MATERIAL PROVIDED
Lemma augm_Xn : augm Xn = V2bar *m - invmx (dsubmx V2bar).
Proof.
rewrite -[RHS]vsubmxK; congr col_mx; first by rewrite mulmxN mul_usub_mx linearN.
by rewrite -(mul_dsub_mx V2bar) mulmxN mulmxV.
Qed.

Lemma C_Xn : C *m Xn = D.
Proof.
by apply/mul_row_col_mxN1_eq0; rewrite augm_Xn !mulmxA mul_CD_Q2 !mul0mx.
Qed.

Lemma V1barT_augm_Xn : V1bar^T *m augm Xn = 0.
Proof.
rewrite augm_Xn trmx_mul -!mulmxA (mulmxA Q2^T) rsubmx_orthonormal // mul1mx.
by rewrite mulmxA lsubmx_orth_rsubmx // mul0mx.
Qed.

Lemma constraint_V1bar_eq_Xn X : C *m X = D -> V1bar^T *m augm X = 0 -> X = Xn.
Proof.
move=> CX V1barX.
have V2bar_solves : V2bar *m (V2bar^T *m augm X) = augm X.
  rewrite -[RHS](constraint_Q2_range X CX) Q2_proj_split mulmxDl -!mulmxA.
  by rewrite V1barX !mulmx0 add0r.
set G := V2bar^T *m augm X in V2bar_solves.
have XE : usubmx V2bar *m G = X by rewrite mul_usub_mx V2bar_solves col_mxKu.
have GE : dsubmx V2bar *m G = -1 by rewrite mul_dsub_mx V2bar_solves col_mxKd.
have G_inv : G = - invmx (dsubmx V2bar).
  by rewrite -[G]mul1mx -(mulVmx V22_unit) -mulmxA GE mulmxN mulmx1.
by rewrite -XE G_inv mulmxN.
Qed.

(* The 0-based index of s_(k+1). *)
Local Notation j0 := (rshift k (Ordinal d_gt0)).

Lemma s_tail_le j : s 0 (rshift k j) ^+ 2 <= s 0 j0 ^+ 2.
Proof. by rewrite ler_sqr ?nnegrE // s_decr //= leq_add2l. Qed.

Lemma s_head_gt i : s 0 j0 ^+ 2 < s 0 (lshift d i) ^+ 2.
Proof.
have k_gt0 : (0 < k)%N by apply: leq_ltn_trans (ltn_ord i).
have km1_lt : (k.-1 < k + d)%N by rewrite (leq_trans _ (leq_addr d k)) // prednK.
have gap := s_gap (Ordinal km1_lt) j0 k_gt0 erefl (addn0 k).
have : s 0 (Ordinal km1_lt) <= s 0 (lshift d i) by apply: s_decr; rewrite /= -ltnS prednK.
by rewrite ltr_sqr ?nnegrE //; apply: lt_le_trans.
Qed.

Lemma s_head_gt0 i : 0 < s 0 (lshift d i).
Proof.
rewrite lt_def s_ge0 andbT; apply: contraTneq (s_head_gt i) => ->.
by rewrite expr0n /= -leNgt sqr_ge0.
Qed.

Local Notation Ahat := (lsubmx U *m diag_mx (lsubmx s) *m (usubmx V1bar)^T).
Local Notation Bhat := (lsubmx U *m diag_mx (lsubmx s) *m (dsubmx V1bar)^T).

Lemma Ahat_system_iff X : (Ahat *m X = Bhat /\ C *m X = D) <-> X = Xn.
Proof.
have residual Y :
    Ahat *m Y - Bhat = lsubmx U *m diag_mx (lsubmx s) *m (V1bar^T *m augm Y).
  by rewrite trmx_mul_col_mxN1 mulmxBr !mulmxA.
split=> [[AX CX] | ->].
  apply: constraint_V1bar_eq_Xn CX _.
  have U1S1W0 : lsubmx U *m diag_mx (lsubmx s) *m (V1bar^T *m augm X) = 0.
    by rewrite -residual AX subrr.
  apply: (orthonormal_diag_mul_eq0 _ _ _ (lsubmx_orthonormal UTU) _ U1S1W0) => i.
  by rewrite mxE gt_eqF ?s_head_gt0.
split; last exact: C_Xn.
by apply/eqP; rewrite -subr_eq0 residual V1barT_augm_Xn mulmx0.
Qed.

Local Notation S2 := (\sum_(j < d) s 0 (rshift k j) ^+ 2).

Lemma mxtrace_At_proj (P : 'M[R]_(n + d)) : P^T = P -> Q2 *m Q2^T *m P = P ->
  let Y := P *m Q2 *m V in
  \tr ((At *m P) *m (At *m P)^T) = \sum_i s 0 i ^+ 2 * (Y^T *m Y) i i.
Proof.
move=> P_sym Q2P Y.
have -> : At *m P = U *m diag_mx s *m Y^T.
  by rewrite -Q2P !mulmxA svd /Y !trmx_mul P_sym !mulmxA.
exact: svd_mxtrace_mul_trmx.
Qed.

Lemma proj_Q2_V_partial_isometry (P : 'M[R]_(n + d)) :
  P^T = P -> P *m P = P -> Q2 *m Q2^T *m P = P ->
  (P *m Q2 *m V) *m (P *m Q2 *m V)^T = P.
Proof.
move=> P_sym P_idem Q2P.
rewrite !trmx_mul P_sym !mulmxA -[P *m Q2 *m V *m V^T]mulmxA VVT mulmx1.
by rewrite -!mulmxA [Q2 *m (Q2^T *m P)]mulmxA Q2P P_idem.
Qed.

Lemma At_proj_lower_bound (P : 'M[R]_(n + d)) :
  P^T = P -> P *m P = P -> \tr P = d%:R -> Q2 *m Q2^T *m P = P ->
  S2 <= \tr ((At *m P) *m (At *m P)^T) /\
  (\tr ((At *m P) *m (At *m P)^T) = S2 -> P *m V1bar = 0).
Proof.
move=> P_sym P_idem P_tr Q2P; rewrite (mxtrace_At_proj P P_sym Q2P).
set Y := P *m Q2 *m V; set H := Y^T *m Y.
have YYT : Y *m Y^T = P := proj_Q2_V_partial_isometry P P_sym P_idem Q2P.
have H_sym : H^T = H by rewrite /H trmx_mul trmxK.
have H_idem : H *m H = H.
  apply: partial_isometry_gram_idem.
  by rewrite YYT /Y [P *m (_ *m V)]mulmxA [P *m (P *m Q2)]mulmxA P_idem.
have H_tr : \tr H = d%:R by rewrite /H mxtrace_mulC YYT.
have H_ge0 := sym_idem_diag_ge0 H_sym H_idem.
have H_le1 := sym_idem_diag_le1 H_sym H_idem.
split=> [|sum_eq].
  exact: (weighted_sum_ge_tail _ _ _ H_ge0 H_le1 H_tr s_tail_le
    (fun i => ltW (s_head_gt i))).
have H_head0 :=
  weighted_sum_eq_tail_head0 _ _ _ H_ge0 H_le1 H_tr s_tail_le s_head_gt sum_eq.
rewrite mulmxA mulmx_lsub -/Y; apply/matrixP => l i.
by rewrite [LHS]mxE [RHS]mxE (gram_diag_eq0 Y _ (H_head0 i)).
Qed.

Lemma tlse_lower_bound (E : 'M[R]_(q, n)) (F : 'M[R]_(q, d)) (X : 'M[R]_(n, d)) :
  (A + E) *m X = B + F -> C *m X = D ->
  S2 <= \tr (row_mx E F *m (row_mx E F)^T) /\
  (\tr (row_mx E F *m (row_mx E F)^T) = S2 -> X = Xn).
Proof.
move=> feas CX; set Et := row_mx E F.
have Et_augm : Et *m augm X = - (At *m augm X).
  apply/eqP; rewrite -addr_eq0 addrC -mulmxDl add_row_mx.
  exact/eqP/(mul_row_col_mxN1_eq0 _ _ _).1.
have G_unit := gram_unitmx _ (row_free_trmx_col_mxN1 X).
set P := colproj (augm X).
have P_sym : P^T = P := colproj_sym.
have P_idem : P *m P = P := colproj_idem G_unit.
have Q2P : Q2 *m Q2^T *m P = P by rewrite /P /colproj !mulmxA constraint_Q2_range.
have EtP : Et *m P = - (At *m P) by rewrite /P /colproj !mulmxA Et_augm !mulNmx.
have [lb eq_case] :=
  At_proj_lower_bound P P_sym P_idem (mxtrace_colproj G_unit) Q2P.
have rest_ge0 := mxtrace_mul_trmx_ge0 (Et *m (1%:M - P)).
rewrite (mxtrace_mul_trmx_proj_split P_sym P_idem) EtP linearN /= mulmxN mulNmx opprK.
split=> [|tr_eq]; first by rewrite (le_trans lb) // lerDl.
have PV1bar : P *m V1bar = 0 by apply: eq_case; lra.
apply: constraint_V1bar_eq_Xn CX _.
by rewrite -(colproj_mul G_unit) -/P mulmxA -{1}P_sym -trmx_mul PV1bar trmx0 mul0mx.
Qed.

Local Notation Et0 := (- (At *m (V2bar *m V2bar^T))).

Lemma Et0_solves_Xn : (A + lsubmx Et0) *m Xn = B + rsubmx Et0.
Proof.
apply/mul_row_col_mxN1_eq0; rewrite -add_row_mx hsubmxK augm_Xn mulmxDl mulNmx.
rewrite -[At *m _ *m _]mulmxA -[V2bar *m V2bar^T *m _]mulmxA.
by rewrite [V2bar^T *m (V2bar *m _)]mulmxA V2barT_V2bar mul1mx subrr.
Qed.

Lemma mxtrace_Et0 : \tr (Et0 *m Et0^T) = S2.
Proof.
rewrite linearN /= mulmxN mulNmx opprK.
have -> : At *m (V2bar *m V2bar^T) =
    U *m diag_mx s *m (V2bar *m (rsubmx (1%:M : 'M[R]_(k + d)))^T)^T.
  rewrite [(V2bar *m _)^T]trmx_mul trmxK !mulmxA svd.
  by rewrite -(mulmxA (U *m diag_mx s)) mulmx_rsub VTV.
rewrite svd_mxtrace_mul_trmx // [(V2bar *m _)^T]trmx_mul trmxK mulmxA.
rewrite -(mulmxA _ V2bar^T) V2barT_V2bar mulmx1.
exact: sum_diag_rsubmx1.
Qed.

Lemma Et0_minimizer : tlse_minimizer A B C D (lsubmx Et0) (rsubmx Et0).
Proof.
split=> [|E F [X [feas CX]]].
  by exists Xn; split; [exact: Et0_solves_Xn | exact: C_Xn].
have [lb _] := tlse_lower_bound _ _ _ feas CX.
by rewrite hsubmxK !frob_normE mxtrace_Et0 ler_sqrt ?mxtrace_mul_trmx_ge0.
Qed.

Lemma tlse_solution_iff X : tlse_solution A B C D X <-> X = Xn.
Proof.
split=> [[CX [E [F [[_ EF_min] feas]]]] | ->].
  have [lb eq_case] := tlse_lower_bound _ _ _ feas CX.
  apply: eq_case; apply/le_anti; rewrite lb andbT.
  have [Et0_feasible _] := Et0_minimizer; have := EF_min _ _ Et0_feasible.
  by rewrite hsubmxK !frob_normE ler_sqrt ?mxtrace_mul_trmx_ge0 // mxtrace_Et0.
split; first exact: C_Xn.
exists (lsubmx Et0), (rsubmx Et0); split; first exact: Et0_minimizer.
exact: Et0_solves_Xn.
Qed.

==

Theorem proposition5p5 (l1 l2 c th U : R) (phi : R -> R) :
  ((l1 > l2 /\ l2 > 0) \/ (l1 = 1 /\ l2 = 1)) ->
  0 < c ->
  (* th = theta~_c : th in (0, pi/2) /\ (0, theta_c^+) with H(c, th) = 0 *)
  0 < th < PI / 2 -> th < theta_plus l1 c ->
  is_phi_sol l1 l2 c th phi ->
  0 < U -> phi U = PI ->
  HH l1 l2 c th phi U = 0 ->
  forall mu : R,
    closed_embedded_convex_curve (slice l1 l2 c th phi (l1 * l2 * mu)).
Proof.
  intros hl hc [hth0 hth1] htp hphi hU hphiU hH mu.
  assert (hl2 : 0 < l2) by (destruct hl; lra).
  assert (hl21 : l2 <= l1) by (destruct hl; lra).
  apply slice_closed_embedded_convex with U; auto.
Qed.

WHAT THE TASK REQUIRES
Above this task is a listing. Restate, word for word and with nothing added, the lines from the one with "Local Notation S2" through the one with "by rewrite YYT".

SOLUTION FOR THIS PROBLEM
Local Notation S2 := (\sum_(j < d) s 0 (rshift k j) ^+ 2).

Lemma mxtrace_At_proj (P : 'M[R]_(n + d)) : P^T = P -> Q2 *m Q2^T *m P = P ->
  let Y := P *m Q2 *m V in
  \tr ((At *m P) *m (At *m P)^T) = \sum_i s 0 i ^+ 2 * (Y^T *m Y) i i.
Proof.
move=> P_sym Q2P Y.
have -> : At *m P = U *m diag_mx s *m Y^T.
  by rewrite -Q2P !mulmxA svd /Y !trmx_mul P_sym !mulmxA.
exact: svd_mxtrace_mul_trmx.
Qed.

Lemma proj_Q2_V_partial_isometry (P : 'M[R]_(n + d)) :
  P^T = P -> P *m P = P -> Q2 *m Q2^T *m P = P ->
  (P *m Q2 *m V) *m (P *m Q2 *m V)^T = P.
Proof.
move=> P_sym P_idem Q2P.
rewrite !trmx_mul P_sym !mulmxA -[P *m Q2 *m V *m V^T]mulmxA VVT mulmx1.
by rewrite -!mulmxA [Q2 *m (Q2^T *m P)]mulmxA Q2P P_idem.
Qed.

Lemma At_proj_lower_bound (P : 'M[R]_(n + d)) :
  P^T = P -> P *m P = P -> \tr P = d%:R -> Q2 *m Q2^T *m P = P ->
  S2 <= \tr ((At *m P) *m (At *m P)^T) /\
  (\tr ((At *m P) *m (At *m P)^T) = S2 -> P *m V1bar = 0).
Proof.
move=> P_sym P_idem P_tr Q2P; rewrite (mxtrace_At_proj P P_sym Q2P).
set Y := P *m Q2 *m V; set H := Y^T *m Y.
have YYT : Y *m Y^T = P := proj_Q2_V_partial_isometry P P_sym P_idem Q2P.
have H_sym : H^T = H by rewrite /H trmx_mul trmxK.
have H_idem : H *m H = H.
  apply: partial_isometry_gram_idem.
  by rewrite YYT /Y [P *m (_ *m V)]mulmxA [P *m (P *m Q2)]mulmxA P_idem.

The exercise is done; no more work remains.